Task details: The required output is the lines below from the line containing "- exact: zauto_comp." to the line containing "move=> st sx;", inclusive, retyped exactly. No other lines belong in it.

[Collected data]
■ ■ ■
(* Dividing the coordinates of [q] by their gcd [g] gives [e] with [q = e *~ g];
   a Bezout combination of the coordinates is a form sending [e] to 1. *)
Lemma primitive_decomposition q : q != 0 -> exists e (g : int) (phi : S -> int),
  [/\ zmorph phi, phi e = 1, q = e *~ g & g != 0].
Proof.
move=> nq; set U := supp q; set a := coord ^~ q.
have bU : basis_seq U by split; [apply: supp_uniq | move=> u; apply: supp_basis].
set g := gcd_seq a U.
have g0 : g != 0.
  apply: contra nq => /eqP g0; apply/eqP.
  rewrite (coord_expansion q) big1_seq // => b /andP[_ bin].
  by rewrite -/(a b) (gcd_seq_eq0 g0 bin) mulr0z.
have [beta hbeta] := gcd_seq_bezout a (supp_uniq q).
set e := \sum_(b <- U) b *~ (a b %/ g)%Z.
exists e, g, (fun x => \sum_(b <- U) beta b * coord b x); split => //.
- by move=> x y; rewrite -big_split; apply: eq_bigr => b _; rewrite coord_zmorph mulrDr.
- have hg : g = \sum_(b <- U) beta b * a b by rewrite hbeta.
  apply: (mulIf g0); rewrite mul1r {2}hg mulr_suml; apply: eq_big_seq => b bin.
  rewrite /e (biorth_coef (basis_seq_biorth bU) _ bin) -mulrA divzK //.
  exact: dvdz_gcd_seq.
- rewrite /e mulrz_suml {1}(coord_expansion q); apply: eq_big_seq => b bin.
  by rewrite -mulrzA divzK //; exact: dvdz_gcd_seq.
Qed.

Lemma zmod_torsionfree x (c : int) : x *~ c = 0 -> c != 0 -> x = 0.
Proof.
move=> h c0; apply/eqP; apply: contraT => nx.
have [e [g [phi [lphi pe xe g0]]]] := primitive_decomposition nx.
have : phi (x *~ c) = 0 by rewrite h zmorph0.
rewrite zmorphMz // xe zmorphMz // pe !mulrzz mul1r => /eqP.
by rewrite mulf_eq0 (negbTE g0) (negbTE c0).
Qed.

Lemma biorth_decomposition L f x : biorthogonal L f -> ~ zspan L x ->
  exists e (g : int) (phi : S -> int), [/\ zmorph phi, phi e = 1,
    x = proj L f x + e *~ g, g != 0 & forall u, u \in L -> f u e = 0].
Proof.
move=> bL nx; have nq : x - proj L f x != 0.
  apply/eqP => /eqP; rewrite subr_eq0 => /eqP ex.
  by apply: nx; rewrite ex; apply: zspan_proj.
have [e [g [phi [lphi pe qe g0]]]] := primitive_decomposition nq.
exists e, g, phi; split => //; first by rewrite -qe addrC subrK.
move=> u uin; have := biorth_proj_compl bL x uin; rewrite qe.
case: bL => _ lf _; rewrite zmorphMz // mulrzz => /eqP.
by rewrite mulf_eq0 (negbTE g0) orbF => /eqP.
Qed.

Lemma zspan_basis_in_I E : basis_seq E -> in_I (zspan E).
Proof.
move=> bE; have bL := basis_seq_biorth bE.
split; [|split].
- by split; [apply: zspan0 | split; [apply: zspanD | apply: zspanN]].
- by exists (size E) => n v hv ind; apply: (biorth_rank_bound bL ind).
- exists (fun x => forall u, u \in E -> coord u x = 0); split; [|split].
  + split; first by move=> u _; rewrite zmorph0 //; apply: coord_zmorph.
    split=> [x y hx hy u uin | x hx u uin]; rewrite ?coord_zmorph ?hx ?hy ?addr0 //.
    by rewrite zmorphN ?hx ?oppr0 //; apply: coord_zmorph.
  + move=> x sx cx; rewrite (biorth_zspanE bL sx) /proj.
    by rewrite big1_seq // => u /andP[_ uin]; rewrite cx // mulr0z.
  + move=> x; exists (proj E coord x), (x - proj E coord x).
    split; first exact: zspan_proj.
    by split; [move=> u uin; apply: biorth_proj_compl | rewrite addrC subrK].
Qed.

Lemma finite_rank_sub_zspan (A : S -> Prop) : finite_rank A ->
  exists E, basis_seq E /\ forall a, A a -> zspan E a.
Proof.
move=> fA; have [n [v [hv iv hmax]]] := finite_rank_maximal_indep fA.
have [E [bE hE]] := basis_seq_cover [seq v i | i <- enum 'I_n].
exists E; split => // a ha.
have [c [d [c0 ecd]]] : exists c (d : 'I_n -> int),
    c != 0 /\ a *~ c = \sum_(i < n) v i *~ d i.
  apply: indep_extension_dependent iv (hmax _ _) => i.
  by case: insub => [j|] /=; [apply: hv | apply: ha].
have sa : zspan E (a *~ c).
  by rewrite ecd; apply: zspan_sum => i; apply/zspanMz/hE; rewrite map_f ?mem_enum.
apply: zspan_coord0; first by case: bE.
move=> b _ nb; have /eqP := coord_zspan0 bE sa nb.
by rewrite (zmorphMz _ _ (coord_zmorph b)) mulrzz mulf_eq0 (negbTE c0) orbF => /eqP.
Qed.

Lemma in_I_directed (A1 A2 : S -> Prop) : in_I A1 -> in_I A2 ->
  exists B, [/\ in_I B, Defs.subset A1 B & Defs.subset A2 B].
Proof.
move=> [_ [f1 _]] [_ [f2 _]].
have [E1 [[u1 b1] h1]] := finite_rank_sub_zspan f1.
have [E2 [[u2 b2] h2]] := finite_rank_sub_zspan f2.
have bE : basis_seq (undup (E1 ++ E2)).
  split=> [|u]; first exact: undup_uniq.
  by rewrite mem_undup mem_cat => /orP[/b1|/b2].
exists (zspan (undup (E1 ++ E2))); split; first exact: zspan_basis_in_I.
  move=> a /h1; apply: zspan_subset bE.1 _ => // v vin.
  by rewrite mem_undup mem_cat vin.
move=> a /h2; apply: zspan_subset bE.1 _ => // v vin.
by rewrite mem_undup mem_cat vin orbT.
Qed.

(* [e] and [w] are both moved to a common fresh basis vector. *)
Lemma zauto_move L e w (ge gw : S -> int) :
  zmorph ge -> zmorph gw -> ge e = 1 -> gw w = 1 ->
  (forall u, u \in L -> ge u = 0) -> (forall u, u \in L -> gw u = 0) ->
  exists sg, [/\ zauto sg, sg e = w & forall x, zspan L x -> sg x = x].
Proof.
move=> lge lgw ge1 gw1 geL gwL.
have [E [bE hE]] := basis_seq_cover (e :: w :: L).
have [b [hb nb]] := fresh_basis E.
have lh := coord_zmorph b.
have h0 x : x \in e :: w :: L -> coord b x = 0.
  by move=> xin; apply: coord_zspan0 bE (hE x xin) nb.
have hL u : u \in L -> coord b u = 0 by move=> uin; apply: h0; rewrite !inE uin !orbT.
have hb1 : coord b b = 1 by rewrite coord_basis // eqxx.
have [sg [asg sge sgL]] := zauto_to_fresh lge ge1 geL lh (h0 _ (mem_head _ _)) hb1 hL.
have [tw [atw twb twL]] : exists tw, [/\ zauto tw, tw w = b & forall x, zspan L x -> tw x = x].
  by apply: zauto_to_fresh lgw gw1 gwL lh _ hb1 hL; apply: h0; rewrite !inE eqxx orbT.
have [tau [atau c1 c2]] := zauto_inv atw.
exists (tau \o sg); split.
- exact: zauto_comp.
- by rewrite /= sge -twb c1.
- by move=> x sx; rewrite /= sgL // (zauto_fix_inv c1 (twL x sx)).
Qed.

(** * The back-and-forth game *)

Section Game.
Variable G : S -> Prop.
Hypotheses (sG : subgroup G) (dG : direct_summand G).
Implicit Types (f : S -> S -> int) (env : nat -> S).

(* Invariant of the back-and-forth argument: [L] is a biorthogonal family in [G]
   whose span contains the current assignment, and [s] lists [k] elements of [G]
   independent modulo [zspan L], one for each quantifier still to be played. *)
Record game_state L f k s env : Prop := GameState {
  gs_biorth : biorthogonal L f;
  gs_sub : forall u, u \in L -> G u;
  gs_env : forall m, zspan L (env m);
  gs_indep : indep_mod (zspan L) s;
  gs_size : size s = k;
  gs_spare : forall x, x \in s -> G x }.

Lemma subG_pure e c : G (e *~ c) -> c != 0 -> G e.
Proof. exact: summand_pure sG zmod_torsionfree dG. Qed.

Lemma zspan_upd L env n x : (forall m, zspan L (env m)) -> zspan L x ->
  forall m, zspan L (upd env n x m).
Proof. by move=> he hx m; rewrite /upd; case: eqP. Qed.

Lemma game_state_primitive L f k s env y e g : game_state L f k s env -> G y ->
  y = proj L f y + e *~ g -> g != 0 -> G e.
Proof.
move=> st Gy ye g0; apply: subG_pure g0; rewrite -(addKr (proj L f y) (e *~ g)) -ye.
exact (subgD sG (subgN sG (subg_zspan sG (gs_sub st) (zspan_proj L f y))) Gy).
Qed.

Lemma game_state_spare L f k s env : game_state L f k.+1 s env ->
  exists h s', s = h :: s'.
Proof. by case: s => [[_ _ _ _ //]|h s' _]; exists h, s'. Qed.

Lemma game_state_drop L f k s env n x : game_state L f k.+1 s env -> zspan L x ->
  exists s', game_state L f k s' (upd env n x).
Proof.
move=> st sx; have [h [s' es]] := game_state_spare st.
have hs : h \in s by rewrite es mem_head.
exists (rem h s); split.
- exact: gs_biorth st.
- exact: gs_sub st.
- by apply: zspan_upd => //; apply: gs_env st.
- exact: indep_mod_rem (gs_indep st) hs.
- by rewrite size_rem // (gs_size st).
- by move=> y /mem_rem /(gs_spare st).
Qed.

Lemma game_state_extend L f k s env n x e (g : S -> int) :
  game_state L f k.+1 s env -> (forall u, u \in L -> f u e = 0) ->
  zmorph g -> g e = 1 -> G e -> zspan (L ++ [:: e]) x ->
  exists f' s', game_state (L ++ [:: e]) f' k s' (upd env n x).
Proof.
move=> st fe lg ge Ge sx.
have [f' bf'] := biorth_extend (gs_biorth st) fe lg ge.
have uLe : uniq (L ++ [:: e]) by case: bf'.
have sn : s != [::] by have [h [s' ->]] := game_state_spare st.
have [x0 x0s ind'] := indep_mod_exchange uLe (gs_indep st) sn.
exists f', (rem x0 s); split => //.
- by move=> u; rewrite mem_cat inE => /orP[/(gs_sub st)|/eqP ->].
- by apply: zspan_upd => // m; apply: zspan_catl (gs_env st m).
- by rewrite size_rem // (gs_size st).
- by move=> y /mem_rem /(gs_spare st).
Qed.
■ ■ ■
The completed task:
- exact: zauto_comp.
- by rewrite /= sge -twb c1.
- by move=> x sx; rewrite /= sgL // (zauto_fix_inv c1 (twL x sx)).
Qed.

(** * The back-and-forth game *)

Section Game.
Variable G : S -> Prop.
Hypotheses (sG : subgroup G) (dG : direct_summand G).
Implicit Types (f : S -> S -> int) (env : nat -> S).

(* Invariant of the back-and-forth argument: [L] is a biorthogonal family in [G]
   whose span contains the current assignment, and [s] lists [k] elements of [G]
   independent modulo [zspan L], one for each quantifier still to be played. *)
Record game_state L f k s env : Prop := GameState {
  gs_biorth : biorthogonal L f;
  gs_sub : forall u, u \in L -> G u;
  gs_env : forall m, zspan L (env m);
  gs_indep : indep_mod (zspan L) s;
  gs_size : size s = k;
  gs_spare : forall x, x \in s -> G x }.

Lemma subG_pure e c : G (e *~ c) -> c != 0 -> G e.
Proof. exact: summand_pure sG zmod_torsionfree dG. Qed.

Lemma zspan_upd L env n x : (forall m, zspan L (env m)) -> zspan L x ->
  forall m, zspan L (upd env n x m).
Proof. by move=> he hx m; rewrite /upd; case: eqP. Qed.

Lemma game_state_primitive L f k s env y e g : game_state L f k s env -> G y ->
  y = proj L f y + e *~ g -> g != 0 -> G e.
Proof.
move=> st Gy ye g0; apply: subG_pure g0; rewrite -(addKr (proj L f y) (e *~ g)) -ye.
exact (subgD sG (subgN sG (subg_zspan sG (gs_sub st) (zspan_proj L f y))) Gy).
Qed.

Lemma game_state_spare L f k s env : game_state L f k.+1 s env ->
  exists h s', s = h :: s'.
Proof. by case: s => [[_ _ _ _ //]|h s' _]; exists h, s'. Qed.

Lemma game_state_drop L f k s env n x : game_state L f k.+1 s env -> zspan L x ->
  exists s', game_state L f k s' (upd env n x).
Proof.
move=> st sx; have [h [s' es]] := game_state_spare st.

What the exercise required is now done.